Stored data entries

-------

(* A projective discrepancy: for v, w of positive mass it vanishes exactly
   when v and w are proportional. *)
Definition proj_dist v w := \sum_j `|v 0 j * mass w - w 0 j * mass v|.

Definition cross_mass D i l j := D i j * row_mass D l - D l j * row_mass D i.

Lemma mass_ge0 v : nonneg_row v -> 0 <= mass v.
Proof. by move=> v0; rewrite sumr_ge0. Qed.

Lemma nonneg_row_mul v D : nonneg_row v -> nonneg_mx D -> nonneg_row (v *m D).
Proof. by move=> v0 D0 i; rewrite mxE sumr_ge0 // => k _; rewrite mulr_ge0. Qed.

Lemma mass_mul v D : mass (v *m D) = \sum_i v 0 i * row_mass D i.
Proof.
rewrite /mass /row_mass; under eq_bigr do rewrite mxE.
by rewrite exchange_big; apply: eq_bigr => i _; rewrite mulr_sumr.
Qed.

Lemma mass0 : mass 0 = 0.
Proof. by rewrite /mass big1 // => i _; rewrite mxE. Qed.

Lemma proj_dist0r v : proj_dist v 0 = 0.
Proof. by rewrite /proj_dist big1 // => j _; rewrite mass0 mxE mulr0 mul0r subrr normr0. Qed.

Lemma proj_dist_le_mass v w : nonneg_row v -> nonneg_row w ->
  proj_dist v w <= 2 * (mass v * mass w).
Proof.
move=> v0 w0.
have -> : 2 * (mass v * mass w) = \sum_j (v 0 j * mass w + w 0 j * mass v).
  by rewrite big_split /= -!mulr_suml /mass; ring.
apply: ler_sum => j _; apply: le_trans (ler_normB _ _) _.
by rewrite !ger0_norm ?mulr_ge0 ?mass_ge0.
Qed.

Lemma cross_mass_sum D i l j : cross_mass D i l j = \sum_m minor2 D i l j m.
Proof. by rewrite /cross_mass /row_mass !mulr_sumr -sumrB. Qed.

Lemma cross_mass_le D eta i l j : (forall i l j m, `|minor2 D i l j m| <= eta) ->
  `|cross_mass D i l j| <= B%:R * eta.
Proof.
move=> Heta; rewrite cross_mass_sum; apply: le_trans (ler_norm_sum _ _ _) _.
apply: le_trans (_ : _ <= \sum_(m < B) eta) _; first exact: ler_sum.
by rewrite sumr_const card_ord mulr_natl.
Qed.

Lemma mul_cross_entry v w D j :
  (v *m D) 0 j * mass (w *m D) - (w *m D) 0 j * mass (v *m D) =
  \sum_i \sum_l v 0 i * w 0 l * cross_mass D i l j.
Proof.
rewrite !mass_mul !mxE /cross_mass; move: (row_mass D) => rho.
rewrite [X in _ - X]mulrC !mulr_suml -sumrB; apply: eq_bigr => i _.
by rewrite !mulr_sumr -sumrB; apply: eq_bigr => l _; ring.
Qed.

Lemma mul_cross_entry_self w D j :
  \sum_i \sum_l w 0 i * w 0 l * cross_mass D i l j = 0.
Proof. by rewrite -mul_cross_entry subrr. Qed.

(* Subtracting the vanishing [mul_cross_entry_self] turns the weights of [v]
   into the entries of [proj_dist v w]. *)
Lemma scaled_mul_cross_entry v w D j :
  mass w * ((v *m D) 0 j * mass (w *m D) - (w *m D) 0 j * mass (v *m D)) =
  \sum_i \sum_l (v 0 i * mass w - w 0 i * mass v) * w 0 l * cross_mass D i l j.
Proof.
transitivity (mass w * (\sum_i \sum_l v 0 i * w 0 l * cross_mass D i l j) -
              mass v * (\sum_i \sum_l w 0 i * w 0 l * cross_mass D i l j)).
  by rewrite mul_cross_entry mul_cross_entry_self mulr0 subr0.
move: (mass v) (mass w) (cross_mass D) => mv mw cross.
rewrite !mulr_sumr -sumrB; apply: eq_bigr => i _.
by rewrite !mulr_sumr -sumrB; apply: eq_bigr => l _; ring.
Qed.

Lemma proj_dist_mul_le v w D eta : nonneg_row w ->
  (forall i l j m, `|minor2 D i l j m| <= eta) ->
  proj_dist (v *m D) (w *m D) <= B%:R ^+ 2 * eta * proj_dist v w.
Proof.
move=> w0 Heta; have [mw0|mw_neq0] := eqVneq (mass w) 0.
  have -> : w = 0.
    by apply/rowP => i; rewrite mxE; exact: (psumr_eq0P (fun i _ => w0 i) mw0).
  by rewrite mul0mx !proj_dist0r mulr0.
have mw : 0 < mass w by rewrite lt_def mw_neq0 mass_ge0.
have -> : B%:R ^+ 2 * eta * proj_dist v w =
    (mass w)^-1 * \sum_(j < B) B%:R * eta * (mass w * proj_dist v w).
  by rewrite sumr_const card_ord -mulr_natl; field; rewrite gt_eqF.
rewrite ler_pdivlMl // [X in X <= _]mulr_sumr; apply: ler_sum => j _.
rewrite -{1}(ger0_norm (ltW mw)) -normrM scaled_mul_cross_entry.
apply: le_trans (ler_norm_sum _ _ _) _.
rewrite /proj_dist mulrCA mulr_sumr mulr_sumr; apply: ler_sum => i _.
apply: le_trans (ler_norm_sum _ _ _) _.
rewrite [mass w * _]mulrC [X in _ <= X]mulr_sumr; apply: ler_sum => l _.
rewrite !normrM (ger0_norm (w0 l)) -mulrA mulrC mulrCA.
apply: ler_wpM2l => //; rewrite mulrC; apply: ler_wpM2r => //.
exact: cross_mass_le.
Qed.

Lemma mass_ratio_mul_le y yh D : 0 < mass y -> 0 < mass yh ->
  nonneg_mx D -> (forall i, row_mass D i <= 1) ->
  `|mass (y *m D) / mass y - mass (yh *m D) / mass yh|
    <= proj_dist y yh / (mass y * mass yh).
Proof.
move=> my myh D0 D1.
have myy : 0 < mass y * mass yh by rewrite mulr_gt0.
have -> : mass (y *m D) / mass y - mass (yh *m D) / mass yh =
    (mass (y *m D) * mass yh - mass (yh *m D) * mass y) / (mass y * mass yh).
  by field; rewrite !gt_eqF.
rewrite normrM [`|_^-1|]gtr0_norm ?invr_gt0 // ler_pM2r ?invr_gt0 //.
have -> : mass (y *m D) * mass yh - mass (yh *m D) * mass y =
    \sum_i (y 0 i * mass yh - yh 0 i * mass y) * row_mass D i.
  rewrite !mass_mul !mulr_suml -sumrB; apply: eq_bigr => i _; ring.
apply: le_trans (ler_norm_sum _ _ _) _; apply: ler_sum => i _.
have rho0 : 0 <= row_mass D i by apply: sumr_ge0 => j _; exact: D0.
by rewrite normrM (ger0_norm rho0) ler_piMr.
Qed.

Lemma rank1_minor2 D i l j m : \rank D = 1%N -> minor2 D i l j m = 0.
Proof.
move=> rk; set L := col_ebase D; set U := row_ebase D.
have DE a c : D a c = \sum_q L a q * (val q < 1)%:R * U q c.
  rewrite -{1}(mulmx_ebase D) rk mxE; apply: eq_bigr => q _.
  rewrite mxE (bigD1 q) //= big1 ?addr0; first by rewrite mxE eqxx.
  move=> q' q'q; rewrite mxE.
  have -> : (nat_of_ord q' == nat_of_ord q) = false by apply/negbTE; rewrite val_eqE.
  by rewrite mulr0.
rewrite /minor2 !DE !mulr_suml -sumrB big1 // => q _.
rewrite !mulr_sumr -sumrB big1 // => q' _.
have [q0|q0] := ltnP (val q) 1; have [q'0|q'0] := ltnP (val q') 1; rewrite /=; try ring.
have -> : q = q' by apply: val_inj; move: q0 q'0; rewrite !ltnS !leqn0 => /eqP -> /eqP ->.
ring.
Qed.
(* Let $G=(V,E)$ be a finite unweighted undirected graph with no isolated nodes, let $g\ge 2$ be an integer and $Q\ge 1$. Suppose $S_1,\dots,S_Q\subset V$ are pairwise disjoint $g$-dangling sets, and let $S_0=V\setminus\bigcup_{l=1}^Q S_l$ satisfy $\mathrm{vol}(S_0,G)\ge 4g^2$. Then the normalized Laplacian $L=I-D^{-1/2}AD^{-1/2}$ of $G$ has at least $Q/2$ eigenvalues (counted with multiplicity) that are strictly smaller than $(g-1)^{-1}$.
   Context: $A$ is the adjacency matrix of $G$ ($A_{ij}=1$ if $\{i,j\}\in E$, else $0$), $d_i=\sum_j A_{ij}$ is the degree of node $i$, $D=\mathrm{diag}(d_1,\dots,d_N)$, and for $S\subset V$, $\mathrm{vol}(S,G)=\sum_{i\in S}d_i$. A subset $S\subset V$ is called $g$-dangling if: (i) $|S|=g$; (ii) the node-induced subgraph on $S$ has exactly $g-1$ edges and contains no cycle (i.e., it is a tree); (iii) there is exactly one edge of $G$ with one endpoint in $S$ and the other in $V\setminus S$. *)

From HB Require Import structures.
From mathcomp Require Import all_boot all_order all_algebra.
Set Implicit Arguments. Unset Strict Implicit. Unset Printing Implicit Defensive.
Import Order.TTheory GRing.Theory Num.Theory.

Definition simple_graph (n : nat) (e : rel 'I_n) : Prop :=
  symmetric e /\ irreflexive e.

Definition no_isolated (n : nat) (e : rel 'I_n) : Prop :=
  forall i : 'I_n, exists j : 'I_n, e i j.

Definition deg (n : nat) (e : rel 'I_n) (i : 'I_n) : nat := #|[set j | e i j]|.

Definition vol (n : nat) (e : rel 'I_n) (S : {set 'I_n}) : nat :=
  \sum_(i in S) deg e i.

Definition induced_edges (n : nat) (e : rel 'I_n) (S : {set 'I_n}) : nat :=
  #|[set p : 'I_n * 'I_n | [&& p.1 \in S, p.2 \in S, (p.1 < p.2)%N & e p.1 p.2]]|.

Definition induced_acyclic (n : nat) (e : rel 'I_n) (S : {set 'I_n}) : Prop :=
  forall c : seq 'I_n, {subset c <= S} -> uniq c -> (2 < size c)%N -> ~~ cycle e c.

Definition boundary_edges (n : nat) (e : rel 'I_n) (S : {set 'I_n}) : nat :=
  #|[set p : 'I_n * 'I_n | [&& p.1 \in S, p.2 \notin S & e p.1 p.2]]|.

Definition dangling (n : nat) (e : rel 'I_n) (g : nat) (S : {set 'I_n}) : Prop :=
  [/\ #|S| = g, induced_edges e S = g.-1, induced_acyclic e S
    & boundary_edges e S = 1%N].

Local Open Scope ring_scope.

Definition adjacency (R : nzRingType) (n : nat) (e : rel 'I_n) : 'M[R]_n :=
  \matrix_(i, j) (e i j)%:R.

Definition deg_inv_sqrt (R : rcfType) (n : nat) (e : rel 'I_n) : 'M[R]_n :=
  diag_mx (\row_i (Num.sqrt (deg e i)%:R)^-1).

Definition norm_laplacian (R : rcfType) (n : nat) (e : rel 'I_n) : 'M[R]_n :=
  1%:M - deg_inv_sqrt R e *m adjacency R e *m deg_inv_sqrt R e.

From mathcomp Require Import all_boot all_order all_algebra.
From mathcomp Require Import complex zify ring.
Set Implicit Arguments. Unset Strict Implicit. Unset Printing Implicit Defensive.
Import Order.TTheory GRing.Theory Num.Theory.

(* For a in C^Q put f = sum_l a_l 1_{S_l} and
   x = D^{1/2} f; these vectors form a Q-dimensional space.  Each S_l spans a
   tree with a single outgoing edge (r_l, u_l), so vol(S_l) = 2g - 1 and
   x x^* = (2g - 1) sum_l |a_l|^2.  In x L x^* = sum_i f_i sum_{j ~ i} (f_i - f_j)^*
   only the outgoing edges survive, leaving sum_l a_l (a_l - f(u_l))^*; no two
   u_l lie in the same block, so by AM-GM this is at most 2 sum_l |a_l|^2.  The
   Rayleigh quotient is thus at most 2/(2g - 1) < 1/(g - 1) on a Q-dimensional
   space, and by min-max L has at least Q such eigenvalues. *)

Section Graph.
Variables (n : nat) (e : rel 'I_n).
Hypotheses (e_sym : symmetric e) (e_irr : irreflexive e).
Implicit Types S : {set 'I_n}.

Lemma card_pairs (P : rel 'I_n) :
  #|[set p : 'I_n * 'I_n | P p.1 p.2]| = \sum_i \sum_j P i j.
Proof.
rewrite -sum1_card big_mkcond /= (pair_big xpredT xpredT (fun i j => P i j : nat)).
by apply: eq_bigr => p _; rewrite inE; case: (P _ _).
Qed.

Lemma deg_sum i : deg e i = \sum_j e i j.
Proof.
rewrite /deg -sum1_card big_mkcond /=.
by apply: eq_bigr => j _; rewrite inE; case: (e _ _).
Qed.

(* Every induced edge is counted from both of its ends. *)
Lemma vol_edges S : vol e S = 2 * induced_edges e S + boundary_edges e S.
Proof.
pose inside (lt : rel nat) (i j : 'I_n) := [&& i \in S, j \in S, lt i j & e i j].
have inside_edges : \sum_i \sum_j inside ltn i j = induced_edges e S.
  by rewrite /induced_edges (card_pairs (inside ltn)).
have inside_sym : \sum_i \sum_j inside (fun x y => y < x) i j = induced_edges e S.
  rewrite -inside_edges exchange_big; apply: eq_bigr => i _; apply: eq_bigr => j _.
  by rewrite /inside e_sym andbCA.
rewrite mul2n -addnn -{1}inside_edges -inside_sym /boundary_edges.
rewrite (card_pairs (fun i j => [&& i \in S, j \notin S & e i j])).
rewrite /vol big_mkcond -!big_split /=; apply: eq_bigr => i _.
rewrite deg_sum -!big_split /=; have [iS | iNS] := boolP (i \in S); last first.
  by rewrite big1 // => j _; rewrite /inside (negbTE iNS).
apply: eq_bigr => j _; rewrite /inside iS /=.
have [jS | jNS] := boolP (j \in S); rewrite /= ?addn0 ?add0n //.
by case: ltngtP => [||/val_inj ->]; rewrite ?addn0 ?add0n ?e_irr.
Qed.

Lemma vol_dangling g S : dangling e g S -> vol e S = (2 * g.-1).+1.
Proof. by case=> _ edgesS _ bdS; rewrite vol_edges edgesS bdS addn1. Qed.

Definition boundary S : {set 'I_n * 'I_n} :=
  [set p | [&& p.1 \in S, p.2 \notin S & e p.1 p.2]].

End Graph.

Section DanglingFamily.
Variables (n : nat) (e : rel 'I_n) (g Q : nat) (S : 'I_Q -> {set 'I_n}).
Hypothesis e_sym : symmetric e.
Hypothesis S_dangling : forall l, dangling e g (S l).
Hypothesis S_disjoint : forall l l', l != l' -> [disjoint S l & S l'].

Lemma mem_S_inj i l l' : i \in S l -> i \in S l' -> l = l'.
Proof.
move=> il il'; apply/eqP; apply: contraTT il' => /S_disjoint/disjointFr dis.
by rewrite dis.
Qed.

Lemma mem_S_eq i l : i \in S l -> forall m, (i \in S m) = (m == l).
Proof. by move=> il m; apply/idP/eqP => [im | ->]; first exact: mem_S_inj im il. Qed.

-------

Only the lines above starting at the line that holds "rewrite !mass_mul !mulr_suml" and ending at the line that holds "by rewrite mulr0." are to be repeated, exactly and in full.

  rewrite !mass_mul !mulr_suml -sumrB; apply: eq_bigr => i _; ring.
apply: le_trans (ler_norm_sum _ _ _) _; apply: ler_sum => i _.
have rho0 : 0 <= row_mass D i by apply: sumr_ge0 => j _; exact: D0.
by rewrite normrM (ger0_norm rho0) ler_piMr.
Qed.

Lemma rank1_minor2 D i l j m : \rank D = 1%N -> minor2 D i l j m = 0.
Proof.
move=> rk; set L := col_ebase D; set U := row_ebase D.
have DE a c : D a c = \sum_q L a q * (val q < 1)%:R * U q c.
  rewrite -{1}(mulmx_ebase D) rk mxE; apply: eq_bigr => q _.
  rewrite mxE (bigD1 q) //= big1 ?addr0; first by rewrite mxE eqxx.
  move=> q' q'q; rewrite mxE.
  have -> : (nat_of_ord q' == nat_of_ord q) = false by apply/negbTE; rewrite val_eqE.
  by rewrite mulr0.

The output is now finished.